J’ai passé des années à écrire mes palettes en listes. Un thème clair, un thème sombre, huit rôles de chaque côté, et le moindre changement de fond qui obligeait à recaler les sept autres à la main.
Ce n’était pas une palette. C’était un tableau de recopie.
Ce qu’une liste de couleurs cache
Une palette écrite en liste a l’air d’un ensemble de décisions. En comptant les deux thèmes et les deux niveaux de contraste de mon site, ça faisait cent dix valeurs. Les décisions, elles, tenaient en cinq ou six. Tout le reste n’était que la conséquence, recopiée à la main parce que le fichier ne savait pas la calculer.
Le prix ne se paie pas à l’écriture, il se paie six mois plus tard. Devant une couleur posée en dur, personne ne sait dire si elle est encore juste. On sait seulement qu’elle a été calée un jour, à l’œil, dans un contexte qu’on a oublié.
Deux ancres, et des relations
Le modèle tient en une phrase : un thème n’échange que deux valeurs, la clarté du fond et celle de l’encre. Tout le reste en découle. Les gris de texte secondaire sont des fondus de l’encre. Les cartes et les bandes alternées sont des écarts de clarté posés depuis le fond.
Mon site déclare aujourd’hui six choses par thème. Plus une seule couleur écrite en dur. Ce qui se lisait comme un inventaire se lit maintenant comme une intention.

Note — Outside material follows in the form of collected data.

(* Fix $\mu>0$. As $D\to\infty$ through odd integers, the probability mass function of $\mathrm{MedPois}_\mu^{(D)}$ converges pointwise on $\mathbb{N}_0$ to one of the following: (i) a point mass $\delta_m$ with $m\in\{\lfloor\mu\rfloor,\lceil\mu\rceil\}$; or (ii) the discrete uniform distribution on two consecutive integers $\{m,m+1\}$ with $\{m,m+1\}\cap\{\lfloor\mu\rfloor,\lceil\mu\rceil\}\neq\emptyset$.
   Context: For odd $D$, $\mathrm{MedPois}_\mu^{(D)}$ is the law of the sample median, i.e. the $\lceil D/2\rceil$-th smallest, of $D$ i.i.d. Poisson($\mu$) random variables. *)

From Stdlib Require Import Arith Reals Lra Lia.
Open Scope R_scope.

Fixpoint sumR (n : nat) (f : nat -> R) : R :=
  match n with
  | O => 0
  | S n' => sumR n' f + f n'
  end.

Definition pois_pmf (mu : R) (j : nat) : R :=
  exp (- mu) * mu ^ j / INR (Factorial.fact j).

Definition pois_lt (mu : R) (k : nat) : R := sumR k (pois_pmf mu).

Definition pois_gt (mu : R) (k : nat) : R := 1 - pois_lt mu k - pois_pmf mu k.

Definition multinom (a b c : nat) : R :=
  INR (Factorial.fact (a + b + c)) / (INR (Factorial.fact a) * INR (Factorial.fact b) * INR (Factorial.fact c)).

(* Law of the sample median of D = 2n+1 i.i.d. Poisson(mu) variables,
   i.e. the (n+1)-th = ceil(D/2)-th smallest.  The median equals k iff,
   writing a = #{i | X_i < k}, b = #{i | X_i = k}, c = #{i | X_i > k}
   (a + b + c = D), we have a <= n and a + b >= n+1.  The count vector
   (a,b,c) is multinomial(D; P(X<k), P(X=k), P(X>k)). *)
Definition medpois_pmf (mu : R) (n : nat) (k : nat) : R :=
  let D := (2 * n + 1)%nat in
  sumR (S n) (fun a =>
    sumR (S (D - a)) (fun b =>
      if Nat.leb (S n) (a + b) then
        let c := (D - a - b)%nat in
        multinom a b c * pois_lt mu k ^ a * pois_pmf mu k ^ b * pois_gt mu k ^ c
      else 0)).

Definition is_floor (mu : R) (m : nat) : Prop := INR m <= mu < INR m + 1.
Definition is_ceil (mu : R) (m : nat) : Prop := INR m - 1 < mu <= INR m.
Definition floor_or_ceil (mu : R) (m : nat) : Prop := is_floor mu m \/ is_ceil mu m.

Definition point_mass (m : nat) : nat -> R :=
  fun k => if Nat.eqb k m then 1 else 0.

Definition unif2 (m : nat) : nat -> R :=
  fun k => if orb (Nat.eqb k m) (Nat.eqb k (S m)) then 1/2 else 0.

From Stdlib Require Import Arith Reals Lra Lia.
From Coquelicot Require Import Coquelicot.
Open Scope R_scope.

(* Write F(k) = [pois_lt mu k] = P(X < k) for X ~ Poisson(mu), and
   G_n(s) = [bin_majority n s] = P(Bin(2n+1, s) > n).  The median of 2n+1
   samples is < k iff more than n of them are < k, so
   P(med = k) = G_n(F(k+1)) - G_n(F(k)).  From G_n(s) + G_n(1-s) = 1 and
   G_n(s) <= 2s (4s(1-s))^n, G_n(s) tends to 0, 1/2 or 1 according as s is
   <, = or > 1/2.  Hence if F(m) < 1/2 <= F(m+1), the limit law is the point
   mass at m when F(m+1) > 1/2 and uniform on {m, m+1} when F(m+1) = 1/2.
   Such an m is floor(mu) or ceil(mu), because F(f) < 1/2 for integers
   f <= mu and F(n+1) >= 1/2 for integers n >= mu. *)

Lemma sumR_ext n f g : (forall i, (i < n)%nat -> f i = g i) -> sumR n f = sumR n g.
Proof.
  induction n as [|n IH]; intros Hfg; simpl; [reflexivity|].
  rewrite IH by (intros; apply Hfg; lia). rewrite Hfg by lia. reflexivity.
Qed.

Le contraste cesse d’être une palette
C’est la conséquence que je n’avais pas vue venir, et c’est la meilleure.
J’avais construit un réglage de contraste qui glissait entre deux palettes calées à la main. Trente-six couleurs pour deux niveaux, et l’impossibilité d’en ajouter un troisième sans tout refaire.
Une fois les couleurs dérivées des deux ancres, baisser le contraste, c’est simplement rapprocher ces ancres l’une de l’autre. Une variable, de zéro à un. Tout suit. Le curseur du site tient dans un nombre là où il fallait deux palettes.
Mesuré aux deux bouts : 15:1 au plus contrasté, 4,6:1 au plus doux, dans les deux thèmes. Le seuil d’accessibilité est tenu par la construction, pas par le réglage.
Ce que je retiens
Une bibliothèque de couleurs ne se juge pas sur le nombre de nuances qu’elle produit. Elle se juge sur le nombre de valeurs qu’elle vous laisse écrire à la main.
Six par thème, c’est un système. Cent dix, c’est un tableur qu’on a peint.